» **About this exercise**:
Only the lines from the one with "topology E) : Prop" to the end of the data below should be returned, each exactly as it stands.

» **Data for this task**:

(* If $G$ is a melonic graph, then $d(G)=0$.
   Context: Trees. A 2-rooted ternary tree of order $n$ is a finite plane tree $U$ with a root vertex of degree 2 and $n$ true vertices of degree 4; each edge is internal or a leaf (half-edge). Each true vertex $v$ has parent edge $e_1(v)$ (towards the root) and ordered children edges $e_2(v),e_3(v),e_4(v)$. One root edge has type $\alpha$, the other $\bar\alpha$; if $e_1(v)$ has type $\tau$ then $e_2(v)$ has the other type and $e_3(v),e_4(v)$ have type $\tau$. Leaves of type $\alpha$ are leaves, of type $\bar\alpha$ anti-leaves. A heap-ordering labels true vertices bijectively by $\{1,\dots,n\}$, increasing from parent to child. Graphs. For even $n$, a graph of order $n$ is $G=(U,w,w')$: $U$ heap-ordered; $w$ a bijection leaves $\to$ anti-leaves (dashed edges; internal edges are solid); $w'$ a partition of true vertices into $n/2$ pairs (wavy edges) with, for each pair $\{v,v'\}$ ($v$ of smaller label), one of eight propagators in $(S,j,k)=(S_v,j_v,k_v)$, $(S',j',k')=(S_{v'},j_{v'},k_{v'})$: $\delta_{jj'}\delta_{kk'}$, $\delta_{j,S-j'}\delta_{kk'}$, $\delta_{jj'}\delta_{k,S-k'}$, $\delta_{j,S-j'}\delta_{k,S-k'}$, $\delta_{jk'}\delta_{kj'}$, $\delta_{j,S-k'}\delta_{kj'}$, $\delta_{jk'}\delta_{k,S-j'}$, $\delta_{j,S-k'}\delta_{k,S-j'}$, with $S=S'$; momenta $j_v,S_v-j_v,k_v,S_v-k_v$ sit on the ends at $v$ of $e_1(v),\dots,e_4(v)$. Faces and degree. Edge-ends at true vertices and at the root are slots. Each propagator of $\{v,v'\}$, with $S=S'$, identifies each of $j,S-j,k,S-k$ of $v$ with a momentum of $v'$, thus pairs each slot of $v$ with a slot of $v'$ (the four corners of the wavy edge). Let $\Gamma$ be the graph on slots with edges the solid and dashed edges, the corners, and an extra edge joining the two root slots; its components (cycles) are faces, $F(G)$ their number. $E$ is the $(n/2)\times F(G)$ matrix, rows wavy edges $\omega=\{v,v'\}$ ($v$ smaller label), columns faces, $E_{\omega f}$ = #(corners of $\omega$ in $f$ containing $e_1(v)$ or $e_2(v)$) − #(corners of $\omega$ in $f$ containing $e_3(v)$ or $e_4(v)$). $R(G)=\operatorname{rank}E$ ($0$ if $n=0$), $d(G):=n-F(G)+R(G)+1$. Melonic graphs. For two true vertices joined by three edges, the leading propagator is the one whose slot pairing maps the $v$-end of each joining edge to its $v'$-end. The trivial graph ($n=0$) is the root with a leaf and an anti-leaf joined by a dashed edge. A graph is melonic if (ignoring heap-orderings) it arises from the trivial graph by repeatedly inserting two new true vertices $v,v'$, joined to each other by three edges and by a wavy edge carrying the leading propagator, in one of these ways: (I) into a dashed edge $\{x,y\}$: $e_1(v)$ at $x$, $e_1(v')$ at $y$, dashed edges $e_2(v)$–$e_2(v')$ and $\{e_3(v),e_4(v)\}$ bijectively to $\{e_3(v'),e_4(v')\}$; (II) into a dashed edge $\{z,z'\}$: $e_1(v)$ at $z$, $e_1(v')=e_2(v)$, dashed edges $e_2(v')$–$z'$ and $\{e_3(v),e_4(v)\}$ bijectively to $\{e_3(v'),e_4(v')\}$; (III) into a dashed edge $\{z,z'\}$: $e_1(v)$ at $z$, $e_1(v')=e_a(v)$ ($a\in\{3,4\}$, $b$ the other), dashed edges $e_2(v)$–(one of $e_3(v'),e_4(v')$), $e_b(v)$–$e_2(v')$, remaining child leaf of $v'$–$z'$; (IIs) into a solid edge from $u$ to child $z$: $v$ below $u$, $e_1(v')=e_2(v)$, $e_1(z)=e_2(v')$, dashed edges $\{e_3(v),e_4(v)\}$ bijectively to $\{e_3(v'),e_4(v')\}$; (IIIs) as (IIs) but $e_1(v')=e_a(v)$, $a\in\{3,4\}$, $e_1(z)=e_c(v')$, $c\in\{3,4\}$, dashed edges $e_2(v)$–(other of $e_3(v'),e_4(v')$) and $e_b(v)$–$e_2(v')$. *)

From mathcomp Require Import all_boot all_order all_algebra.
Set Implicit Arguments. Unset Strict Implicit. Unset Printing Implicit Defensive.
Import GRing.Theory Num.Theory.
(* If $E$ is a hereditary approximation space having a countable basis, then $\bigcup_{\alpha<\aleph_1}\mathbf{D}_\alpha(E)=\mathbf{\Delta}^0_2(E)$.
   Context: Approximation relation: a binary relation $\ll$ on a topological basis $\mathcal{B}$ of $E$ such that for all $U,V,T\in\mathcal{B}$: (1) $U\ll V\Rightarrow V\subseteq U$; (2) $U\subseteq T$ and $U\ll V$ imply $T\ll V$; (3) for every $x\in U$ there is $W\in\mathcal{B}$ with $x\in W$ and $U\ll W$; (4) every sequence $(U_i)$ in $\mathcal{B}$ with $U_i\ll U_{i+1}$ for all $i$ has $\bigcap_iU_i\ne\emptyset$. Hereditary: for every closed $C\subseteq E$, the relation $\ll_C$ on $\{C\cap U:U\in\mathcal{B},C\cap U\ne\emptyset\}$, given by $P\ll_C Q$ iff $P=C\cap U$, $Q=C\cap V$ for some $U,V\in\mathcal{B}$ with $U\ll V$, is an approximation relation for the subspace $C$. A hereditary approximation space is one admitting a hereditary approximation relation. $\mathbf{\Sigma}^0_2(E)$: countable unions of differences $U\setminus V$ of open sets; $\mathbf{\Pi}^0_2(E)$: complements; $\mathbf{\Delta}^0_2(E)$: their intersection. Parity: ordinal $\lambda+n$ ($\lambda$ zero or limit, $n<\omega$) has the parity of $n$; $\alpha\sim\beta$ means same parity. $D_\alpha((A_\beta)_{\beta<\alpha})=\bigcup_{\beta<\alpha,\beta\not\sim\alpha}(A_\beta\setminus\bigcup_{\gamma<\beta}A_\gamma)$, and $\mathbf{D}_\alpha(E)$ is the class of such sets with all $A_\beta$ open. *)

From Stdlib Require Import Classical.

Definition set (E : Type) := E -> Prop.

Record topology (E : Type) := Topology {
  open : set E -> Prop;
  open_full : open (fun _ => True);
  open_union : forall F : set E -> Prop,
      (forall U, F U -> open U) -> open (fun x => exists U, F U /\ U x);
  open_inter : forall U V, open U -> open V -> open (fun x => U x /\ V x)
}.
Arguments open {E} t _.

Definition closed {E} (T : topology E) (C : set E) : Prop :=
  open T (fun x => ~ C x).

Definition subset {E} (A B : set E) : Prop := forall x, A x -> B x.

Definition is_basis {E} (T : topology E) (B : set E -> Prop) : Prop :=
  (forall U, B U -> open T U) /\
  (forall U x, open T U -> U x -> exists W, B W /\ W x /\ subset W U).

Definition second_countable {E} (T : topology E) : Prop :=
  exists (B : set E -> Prop) (b : nat -> set E),
    is_basis T B /\ forall U, B U -> exists n, U = b n.

(* Conditions (1)-(4) for a relation [rel] on the family [Bf] of subsets of
   the space [S] (a subset of E; S is the whole of E for the space itself,
   a closed subset C for the subspace C). *)
Definition approx_conditions {E} (S : set E) (Bf : set E -> Prop)
    (rel : set E -> set E -> Prop) : Prop :=
  (forall U V, Bf U -> Bf V -> rel U V -> subset V U) /\
  (forall U V T, Bf U -> Bf V -> Bf T -> subset U T -> rel U V -> rel T V) /\
  (forall U x, Bf U -> S x -> U x -> exists W, Bf W /\ W x /\ rel U W) /\
  (forall Us : nat -> set E, (forall i, Bf (Us i)) ->
      (forall i, rel (Us i) (Us (Datatypes.S i))) ->
      exists x, S x /\ forall i, Us i x).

» **Reply to the task**:
Definition second_countable {E} (T : topology E) : Prop :=
  exists (B : set E -> Prop) (b : nat -> set E),
    is_basis T B /\ forall U, B U -> exists n, U = b n.

(* Conditions (1)-(4) for a relation [rel] on the family [Bf] of subsets of
   the space [S] (a subset of E; S is the whole of E for the space itself,
   a closed subset C for the subspace C). *)
Definition approx_conditions {E} (S : set E) (Bf : set E -> Prop)
    (rel : set E -> set E -> Prop) : Prop :=
  (forall U V, Bf U -> Bf V -> rel U V -> subset V U) /\
  (forall U V T, Bf U -> Bf V -> Bf T -> subset U T -> rel U V -> rel T V) /\
  (forall U x, Bf U -> S x -> U x -> exists W, Bf W /\ W x /\ rel U W) /\
  (forall Us : nat -> set E, (forall i, Bf (Us i)) ->
      (forall i, rel (Us i) (Us (Datatypes.S i))) ->
      exists x, S x /\ forall i, Us i x).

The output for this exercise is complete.